The complex plane is a unique mathematical concept used to represent complex numbers graphically. It is similar to the Cartesian coordinate system but designed to handle complex numbers. In this plane:

• The horizontal axis, known as the real axis, represents the real component of complex numbers.
• The vertical axis, known as the imaginary axis, represents the imaginary component.

Each complex number is located at a specific point in this plane via coordinates (real, imaginary). For instance, the complex number \(-6 + 8i\) can be found at the point (-6, 8). This visual representation significantly helps in understanding operations with complex numbers, such as addition, subtraction, and finding distances.

The absolute value (or modulus) of a complex number provides a measure of its distance from the origin in the complex plane. For a complex number such as \(a + bi\), where \(a\) is the real part and \(b\) is the imaginary part, its absolute value is calculated using the formula: \[|a + bi| = \sqrt{a^2 + b^2}.\]This formula stems from the Pythagorean theorem, reflecting how complex numbers are inherently linked to two-dimensional geometry. For example, the absolute value of \(-6 + 8i\) is determined by plugging in the values into the formula: \(\sqrt{(-6)^2 + 8^2} = \sqrt{100} = 10\). This tells us the straight-line distance from the origin (0,0) to the point (-6,8) on the complex plane.

The imaginary part of a complex number is a crucial component that sets it apart from real numbers. Given a complex number \(a + bi\), the imaginary part is \(b\) and is associated with the imaginary unit \(i\), defined as the square root of \(-1\). Imaginary numbers, and by extension the imaginary part of complex numbers, arise naturally in contexts where equations involve the square root of negative numbers.
In the case of \(-6 + 8i\), the imaginary part is \(8\). When plotted on the complex plane, this component gives the vertical position of the number, differentiating it from the real component, which affects the horizontal position.

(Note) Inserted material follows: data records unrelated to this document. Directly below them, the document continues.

(* Consider $n$ birds in $\mathbb{R}^d$ evolving noise-free by $x(t)=x(t-1)+v(t)$, $v(t+1)=(P\otimes I_d)v(t)$, with fixed connected flocking network $G$ and fixed $P=I_n-CL$, where the coordinates of $x(0)$ and $v(1)$ are rationals over $\mathfrak{p}$ bits. Let $\pi=(\mathrm{tr}\,C^{-1})^{-1}C^{-1}\mathbf{1}$, $\Gamma=\lim_{t\to\infty}\bigl(-\mathbf{1}\pi^Tt+\sum_{s=0}^{t-1}P^s\bigr)$ and $x^r=((I_n-\mathbf{1}\pi^T)\otimes I_d)x(0)+(\Gamma\otimes I_d)v(1)$. Then the elements of $\Gamma$ are CD-rationals over $O(n\log n)$ bits and the coordinates of $x^r$ are CD-rationals over $O(n\log n+\mathfrak{p}n)$ bits.
   Context: $G$ is a connected undirected graph without self-loops on $n$ vertices with degrees $d_i$ and Laplacian $L$; $C=\mathrm{diag}(c_1,\dots,c_n)$ with positive rationals $c_i$ of $O(\log n)$ bits and $c_id_i<1$. A set of numbers is CD-rational over $k$ bits if they can be written as $p_i/q$ with a common denominator $q$, all integers involved having $O(k)$ bits. *)

From HB Require Import structures.
From mathcomp Require Import all_boot all_order all_algebra.
From mathcomp Require Import all_classical all_reals topology normedtype sequences.
Set Implicit Arguments. Unset Strict Implicit. Unset Printing Implicit Defensive.
Import Order.TTheory GRing.Theory Num.Theory.
Local Open Scope ring_scope.

Definition fits (b : nat) (z : int) : bool := (absz z < 2 ^ b)%N.

Definition rat_bits (b : nat) (r : rat) : bool := fits b (numq r) && fits b (denq r).

(* A family y of reals is CD-rational over b bits: y_i = p_i / q with a common
   denominator q, all integers involved having at most b bits. *)
Definition CD_rational {R : numFieldType} {I : finType} (b : nat) (y : I -> R) : Prop :=
  exists q : int, q != 0 /\ fits b q /\
    forall i, exists p : int, fits b p /\ y i = p%:~R / q%:~R.

Definition deg {n : nat} (e : rel 'I_n) (i : 'I_n) : nat := #|[set j | e i j]|.

Definition laplacian (R : ringType) {n : nat} (e : rel 'I_n) : 'M[R]_n :=
  \matrix_(i, j) (if i == j then (deg e i)%:R else if e i j then -1 else 0).

Definition Cmat (R : realType) {n : nat} (c : 'I_n -> rat) : 'M[R]_n :=
  diag_mx (\row_i ratr (c i)).

Definition Pmat (R : realType) {n : nat} (e : rel 'I_n) (c : 'I_n -> rat) : 'M[R]_n :=
  1%:M - Cmat R c *m laplacian R e.

Definition mxpow {R : ringType} {n : nat} (A : 'M[R]_n) (k : nat) : 'M[R]_n :=
  iter k (mulmx A) 1%:M.

Definition pivec (R : realType) {n : nat} (c : 'I_n -> rat) : 'cV[R]_n :=
  (\tr (invmx (Cmat R c)))^-1 *: (invmx (Cmat R c) *m const_mx 1).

The real part of a complex number resembles conventional numbers we frequently encounter. For any complex number \(a + bi\), the real part is simply \(a\). It defines the complex number's position along the real axis on the complex plane.
This component allows complex numbers to interact with real-world mathematical operations, such as addition or multiplication with other real numbers. In the example \(-6 + 8i\), the real part is \(-6\). This places the complex number negatively along the real axis, influencing its x-coordinate in the complex plane. It's important to understand the real part as it interacts with its imaginary counterpart to provide the full geometric positioning of a complex number.